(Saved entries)
Lemma dm_cji_le_rs_img (w x : U) : dm_cji (rs [set w]) -> ~ singletons R w ->
  pair_le (rs [set w]) (rs (Rimg R x)) ->
  exists2 t, R x t & udia R [set w] `<=` udia R [set t].
Proof.
move=> wJ nSw [_ wx]; pose F := [set rs [set t] | t in Rimg R x].
have FL : F `<=` DMRS R by move=> _ [t _ <-]; apply: DMRS_rs.
have [_ [t xt <-] [_ wt]] : exists2 f, F f & pair_le (rs [set w]) f.
  apply: dm_cji_prime wJ FL _; split => /=; first by rewrite ubox_set1_eq0.
  move=> s /wx [t [st xt]]; exists (rs [set t]); first by exists t.
  exact/udia_set1.
by exists t.
Qed.

Lemma exists_min_pred (y : U) : dm_cji (rs [set y]) -> ~ singletons R y ->
  exists2 v, R v y & forall v', R v' y -> Rimg R v `<=` Rimg R v'.
Proof.
move=> yJ nSy; apply: contrapT => no_min.
(* Otherwise ({y}^▼, {y}^▲) lies below the join of the negations of the generators
   (R(v')^▼, R(v')^▲) with R v' y, and join-primeness fails at v' itself. *)
pose F := [set dm_neg (rs (Rimg R v')) | v' in [set v' | R v' y]].
have FL : F `<=` DMRS R by move=> _ [v' _ <-]; apply/DMRS_neg/DMRS_rs.
have [_ [v' v'y <-] [_ yv']] : exists2 f, F f & pair_le (rs [set y]) f.
  apply: dm_cji_prime yJ FL _; split => /=; first by rewrite ubox_set1_eq0.
  move=> t /udia_set1 ty.
  have [v' v'y ntv'] : exists2 v', R v' y & ~ (Rimg R t `<=` Rimg R v').
    apply: contrapT => all_sub; apply: no_min; exists t => // v' v'y.
    by apply: contrapT => ntv'; apply: all_sub; exists v'.
  by exists (dm_neg (rs (Rimg R v'))); [exists v' | apply: ntv'].
by apply: (yv' v'); [apply/udia_set1 | apply: rs_img_self].
Qed.

Section Spatial.
Hypothesis sp : spatial (DMRS R) (@pair_le U).

Lemma dm_le_of_cji (a b : set U * set U) : DMRS R a -> DMRS R b ->
  (forall j, dm_cji j -> pair_le j a -> pair_le j b) -> pair_le a b.
Proof. by move=> aL bL ab; apply: (sp aL).2.2 => // j [jJ ja]; apply: ab. Qed.

Lemma dm_snd_cji (a : set U * set U) (x : U) : DMRS R a -> a.2 x ->
  exists2 j, dm_cji j /\ pair_le j a & j.2 x.
Proof.
move=> aL a2x; have JL : [set j | dm_cji j /\ pair_le j a] `<=` DMRS R by move=> j [[jL _] _].
have : (dm_sup [set j | dm_cji j /\ pair_le j a]).2 x.
  by rewrite -(is_lub_dm_sup JL (sp aL)).
by case=> j; exists j.
Qed.

Lemma exists_udia_cji_below (t x : U) : R x t ->
  exists y, [/\ udia_cji y, udia R [set y] `<=` udia R [set t] & R x y].
Proof.
move=> xt; have [St | nSt] := pselect (singletons R t).
  by exists t; split => //; apply: udia_cji_singleton.
have [j [jJ [jt1 jt2]] j2x] := dm_snd_cji (DMRS_rs [set t]) ((udia_set1 R t x).2 xt).
case: (dm_cjiE jJ) => [[x' ej] | [y ej]]; subst j.
  by have /ubox_set1 [_ ] := jt1 x' (@rs_img_self x').
by exists y; split => //; [apply: udia_cji_of_dm_cji | apply/udia_set1].
Qed.

Section Directed.
Hypothesis dir : nonsingleton_cji_directed.

Lemma exists_udia_cji_join (w x t : U) : ~ singletons R w -> udia_cji w -> R x t ->
  udia R [set w] `<=` udia R [set t] ->
  exists z, [/\ udia_cji z, udia R [set w] `<=` udia R [set z] & R x z].
Proof.
move=> nSw wJ xt wt; have [St | nSt] := pselect (singletons R t).
  by exists t; split => //; apply: udia_cji_singleton.
have [y [yJ yt xy]] := exists_udia_cji_below xt.
have nSy : ~ singletons R y.
  move=> Sy; apply: nSt; have /udia_set1 ty := yt _ (udia_set1_self y).
  by rewrite (singletons_eq Sy ty).
have [z [zJ [wz yz]]] := dir nSw nSy wJ yJ (ex_intro _ t (conj wt yt)).
by exists z; split => //; apply/udia_set1/yz/udia_set1.
Qed.

Lemma exists_cji_between (j a : set U * set U) (w : U) :
  dm_cji j -> DMRS R a -> pair_le j a -> ~ pair_le j (dm_neg a) ->
  ~ singletons R w -> udia_cji w -> pair_le (rs [set w]) j ->
  exists z, [/\ udia_cji z, udia R [set w] `<=` udia R [set z],
                pair_le (rs [set z]) j & ~ pair_le (rs [set z]) (dm_neg a)].
Proof.
move=> jJ aL ja nja nSw wJ wj; case: (dm_cjiE jJ) => [[x ej] | [z ej]]; subst j; last first.
  by exists z; split => //; [apply: udia_cji_of_dm_cji | case: wj | apply: pair_le_refl].
have a1x : a.1 x by apply/(rs_img_le _ aL).
have [t xt wt] := dm_cji_le_rs_img (dm_cji_of_udia_cji wJ) nSw wj.
have [z [zJ wz xz]] := exists_udia_cji_join nSw wJ xt wt.
by exists z; split => //; [apply: rs_set1_le_rs_img | apply: rs_set1_not_le_neg a1x xz].
Qed.

Lemma exists_cji_avoiding_negs (a b j k : set U * set U) :
  DMRS R a -> DMRS R b -> dm_cji j -> dm_cji k -> pair_le j a -> ~ pair_le j (dm_neg a) ->
  pair_le k j -> ~ pair_le k (dm_neg b) -> pair_le k (dm_neg a) ->
  exists k', [/\ dm_cji k', pair_le k k', pair_le k' j, pair_le k' b &
                 ~ pair_le k' (dm_neg a) /\ ~ pair_le k' (dm_neg b)].
Proof.
move=> aL bL jJ kJ ja nja kj nkb kna; have ka := pair_le_trans kj ja.
case: (dm_cjiE kJ) => [[x ek] | [w ek]]; subst k.
  have /(dm_fst_subset_snd aL) a2x : a.1 x by apply/(rs_img_le _ aL).
  by have := kna.1 x (@rs_img_self x).
have nSw : ~ singletons R w.
  by move=> /ubox_set1_self /ka.1 a1w; apply: rs_set1_not_le_neg a1w (Rrefl w) kna.
have [v vw b1v] := exists_fst_of_not_le_neg nSw nkb.
have wJ := udia_cji_of_dm_cji kJ.
have [z [zJ wz zj nza]] := exists_cji_between jJ aL ja nja nSw wJ kj.
have vz : R v z by apply/udia_set1/wz/udia_set1.
exists (rs [set z]); split => //; first exact: dm_cji_of_udia_cji.
- by split => //=; rewrite ubox_set1_eq0.
- exact: rs_set1_le vz.
- by split => //; apply: rs_set1_not_le_neg b1v vz.
Qed.

Section NelsonIdentity.
Variables a b c u v w : set U * set U.
Hypotheses (aL : DMRS R a) (bL : DMRS R b) (cL : DMRS R c).
Hypothesis u_rpc : is_rpc R (dm_meet R a b) (dm_join R (dm_neg (dm_meet R a b)) c) u.
Hypothesis v_rpc : is_rpc R b (dm_join R (dm_neg b) c) v.
Hypothesis w_rpc : is_rpc R a (dm_join R (dm_neg a) v) w.

Lemma rpc_curry_le : pair_le w u.
Proof.
have [uL _] := u_rpc; have [vL [bv _]] := v_rpc; have [wL [aw _]] := w_rpc.
have abL := DMRS_meet aL bL; have naL := DMRS_neg aL; have nbL := DMRS_neg bL.
have nabL := DMRS_neg abL.
apply: u_rpc.2.2 => //; apply: dm_le_of_cji; [exact: DMRS_meet | exact: DMRS_join |].
move=> k kJ; have kL := kJ.1.
move=> /(dm_le_meet abL wL kL) [/(dm_le_meet aL bL kL) [ka kb] kw].
have := pair_le_trans (dm_meet_greatest aL wL kL ka kw) aw.
case/(dm_cji_join_prime kJ naL vL) => [kna | kv].
  apply: pair_le_trans (dm_join_ubl nabL cL); apply: pair_le_trans kna _.
  exact/dm_neg_le/dm_meet_lbl.
have := pair_le_trans (dm_meet_greatest bL vL kL kb kv) bv.
case/(dm_cji_join_prime kJ nbL cL) => [knb | kc].
  apply: pair_le_trans (dm_join_ubl nabL cL); apply: pair_le_trans knb _.
  exact/dm_neg_le/dm_meet_lbr.
exact: pair_le_trans kc (dm_join_ubr nabL cL).
Qed.

Lemma cji_le_rpc_meet (k : set U * set U) :
  dm_cji k -> pair_le k a -> pair_le k b -> pair_le k u ->
  [\/ pair_le k (dm_neg a), pair_le k (dm_neg b) | pair_le k c].
Proof.
move=> kJ ka kb ku; have kL := kJ.1; have [uL [abu _]] := u_rpc.
have abL := DMRS_meet aL bL; have kab := dm_meet_greatest aL bL kL ka kb.
have := pair_le_trans (dm_meet_greatest abL uL kL kab ku) abu.
case/(dm_cji_join_prime kJ (DMRS_neg abL) cL) => [|kc]; last exact: Or33.
rewrite dm_neg_meet => /(dm_cji_join_prime kJ (DMRS_neg aL) (DMRS_neg bL)).
by case=> [kna | knb]; [apply: Or31 | apply: Or32].
Qed.

Lemma cji_le_curry_rpc (k : set U * set U) :
  dm_cji k -> pair_le k a -> pair_le k u -> ~ pair_le k (dm_neg a) -> pair_le k v.
Proof.
move=> kJ ka ku nkna; have kL := kJ.1; have [vL [_ v_max]] := v_rpc.
have nbL := DMRS_neg bL.
have nbc_ubl := dm_join_ubl nbL cL; have nbc_ubr := dm_join_ubr nbL cL.
apply: v_max => //; apply: dm_le_of_cji; [exact: DMRS_meet | exact: DMRS_join |].
move=> k2 k2J /(dm_le_meet bL kL k2J.1) [k2b k2k].
have := cji_le_rpc_meet k2J (pair_le_trans k2k ka) k2b (pair_le_trans k2k ku).
case=> [k2na | k2nb | k2c];
  [| exact: pair_le_trans k2nb nbc_ubl | exact: pair_le_trans k2c nbc_ubr].
have [k2nb | nk2nb] := pselect (pair_le k2 (dm_neg b)).
  exact: pair_le_trans k2nb nbc_ubl.
have [k' [k'J k2k' k'k k'b [nk'na nk'nb]]] :=
  exists_cji_avoiding_negs aL bL kJ k2J ka nkna k2k nk2nb k2na.
have := cji_le_rpc_meet k'J (pair_le_trans k'k ka) k'b (pair_le_trans k'k ku).
by case=> [/nk'na | /nk'nb | k'c] //; apply: pair_le_trans k2k' (pair_le_trans k'c nbc_ubr).
Qed.

Lemma rpc_le_curry : pair_le u w.
Proof.
have [uL _] := u_rpc; have [vL _] := v_rpc; have [wL [_ w_max]] := w_rpc.
have naL := DMRS_neg aL.
apply: w_max => //; apply: dm_le_of_cji; [exact: DMRS_meet | exact: DMRS_join |].
move=> k kJ /(dm_le_meet aL uL kJ.1) [ka ku].
have [kna | nkna] := pselect (pair_le k (dm_neg a)).
  exact: pair_le_trans kna (dm_join_ubl naL vL).
exact: pair_le_trans (cji_le_curry_rpc kJ ka ku nkna) (dm_join_ubr naL vL).
Qed.

End NelsonIdentity.

Lemma Nelson_DM_of_directed : is_Nelson_DM R.
Proof.
split; first exact: Kleene_DM.
split => [a b aL bL | a b c u v w aL bL cL u_rpc v_rpc w_rpc].
  by apply: exists_rpc => //; apply: DMRS_join => //; apply: DMRS_neg.
apply: pair_le_anti; first exact: rpc_le_curry aL bL cL u_rpc v_rpc w_rpc.
exact: rpc_curry_le aL bL cL u_rpc v_rpc w_rpc.
Qed.

End Directed.

Lemma common_cji_above_of_common_lower (x y vx vy s : U) :
  (forall v', R v' x -> Rimg R vx `<=` Rimg R v') ->
  (forall v', R v' y -> Rimg R vy `<=` Rimg R v') ->
  Rimg R s `<=` Rimg R vx -> Rimg R s `<=` Rimg R vy ->
  exists z, udia_cji z /\ udia R [set x] `<=` udia R [set z] /\
            udia R [set y] `<=` udia R [set z].
Proof.
move=> vx_min vy_min svx svy; have [z [zJ _ sz]] := exists_udia_cji_below (Rrefl s).
exists z; split => //; split => t /udia_set1 tx; apply/udia_set1.
- exact: vx_min t tx z (svx z sz).
- exact: vy_min t tx z (svy z sz).
Qed.

Lemma cji_le_neg_of_no_common_lower (p q : U) :
  (forall s, Rimg R s `<=` Rimg R p -> Rimg R s `<=` Rimg R q -> False) ->
  forall k, dm_cji k -> pair_le k (rs (Rimg R p)) -> pair_le k (rs (Rimg R q)) ->
  pair_le k (dm_neg (rs (Rimg R p))) \/ pair_le k (dm_neg (rs (Rimg R q))).
Proof.
move=> disj k kJ kp kq; apply: contrapT => /not_orP [nkp nkq].
case: (dm_cjiE kJ) => [[s ek] | [w ek]]; subst k.
  by apply: (disj s); [apply: kp.1 | apply: kq.1]; apply: rs_img_self.
have [Sw | nSw] := pselect (singletons R w).
  by apply: (disj w); [apply: kp.1 | apply: kq.1]; apply: ubox_set1_self.
have [vw _ vw_min] := exists_min_pred kJ nSw.
have [p' p'w p'p] := exists_fst_of_not_le_neg nSw nkp.
have [q' q'w q'q] := exists_fst_of_not_le_neg nSw nkq.
apply: (disj vw) => t vwt.
  exact: p'p t (vw_min p' p'w t vwt).
exact: q'q t (vw_min q' q'w t vwt).
Qed.

Lemma Nelson_rpc_ge (a b v : set U * set U) :
  is_Nelson_DM R -> DMRS R a -> DMRS R b -> dm_cji a -> ~ pair_le a (dm_neg a) ->
  (forall k, dm_cji k -> pair_le k a -> pair_le k b ->
     pair_le k (dm_neg a) \/ pair_le k (dm_neg b)) ->
  is_rpc R b (dm_join R (dm_neg b) (dm_bot U)) v -> pair_le a v.
Proof.
move=> [_ [ex_rpc curry]] aL bL aJ nana ab_neg v_rpc.
have [vL _] := v_rpc; have abL := DMRS_meet aL bL.
have [u u_rpc] := ex_rpc (dm_meet R a b) (dm_bot U) abL DMRS_bot.
have [w w_rpc] := ex_rpc a v aL vL.
have au : pair_le a u.
  apply: u_rpc.2.2 => //; apply: dm_le_of_cji.
  - exact: DMRS_meet.
  - exact: DMRS_join (DMRS_neg abL) DMRS_bot.
  move=> k kJ /(dm_le_meet abL aL kJ.1) [/(dm_le_meet aL bL kJ.1) [ka kb] _].
  apply: pair_le_trans (dm_join_ubl (DMRS_neg abL) DMRS_bot).
  by case: (ab_neg k kJ ka kb) => kn; apply: pair_le_trans kn _; apply: dm_neg_le;
    [apply: dm_meet_lbl | apply: dm_meet_lbr].
rewrite (curry a b (dm_bot U) u v w aL bL DMRS_bot u_rpc v_rpc w_rpc) in au.
have [wL [aw _]] := w_rpc.
have := pair_le_trans (dm_meet_greatest aL wL aJ.1 (pair_le_refl a) au) aw.
by case/(dm_cji_join_prime aJ (DMRS_neg aL) vL).
Qed.

Lemma directed_of_Nelson_DM : is_Nelson_DM R -> nonsingleton_cji_directed.
Proof.
move=> nelson x y nSx nSy xJ yJ [t [xt yt]]; apply: contrapT => no_z.
have [vx vxx vx_min] := exists_min_pred (dm_cji_of_udia_cji xJ) nSx.
have [vy vyy vy_min] := exists_min_pred (dm_cji_of_udia_cji yJ) nSy.
have aL := DMRS_rs (Rimg R vy); have bL := DMRS_rs (Rimg R vx).
have [v v_rpc] := nelson.2.1 _ _ bL DMRS_bot; have [vL [bv _]] := v_rpc.
have av : pair_le (rs (Rimg R vy)) v.
  apply: (Nelson_rpc_ge nelson aL bL _ _ _ v_rpc).
  - exact: dm_cji_rs_img_min nSy vyy vy_min.
  - exact: dm_not_le_neg aL (@rs_img_self vy).
  apply: cji_le_neg_of_no_common_lower => s svy svx.
  exact: no_z (common_cji_above_of_common_lower vx_min vy_min svx svy).
have xt_le : pair_le (rs [set x]) (rs [set t]) by split => //=; rewrite ubox_set1_eq0.
have vyt : R vy t by apply/udia_set1/yt/udia_set1.
have xa := pair_le_trans xt_le (rs_set1_le aL (@rs_img_self vy) vyt).
have xb := rs_set1_le bL (@rs_img_self vx) vxx.
have xbv := dm_meet_greatest bL vL (DMRS_rs _) xb (pair_le_trans xa av).
have [_ /(_ vx)] := pair_le_trans xbv bv.
by case=> [|/= nb1 | []]; [apply/udia_set1 | apply: nb1; apply: rs_img_self].
Qed.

## Description of the task
For the records above, state how many lines include "pose", giving no more than the number.

## Exercise solution
2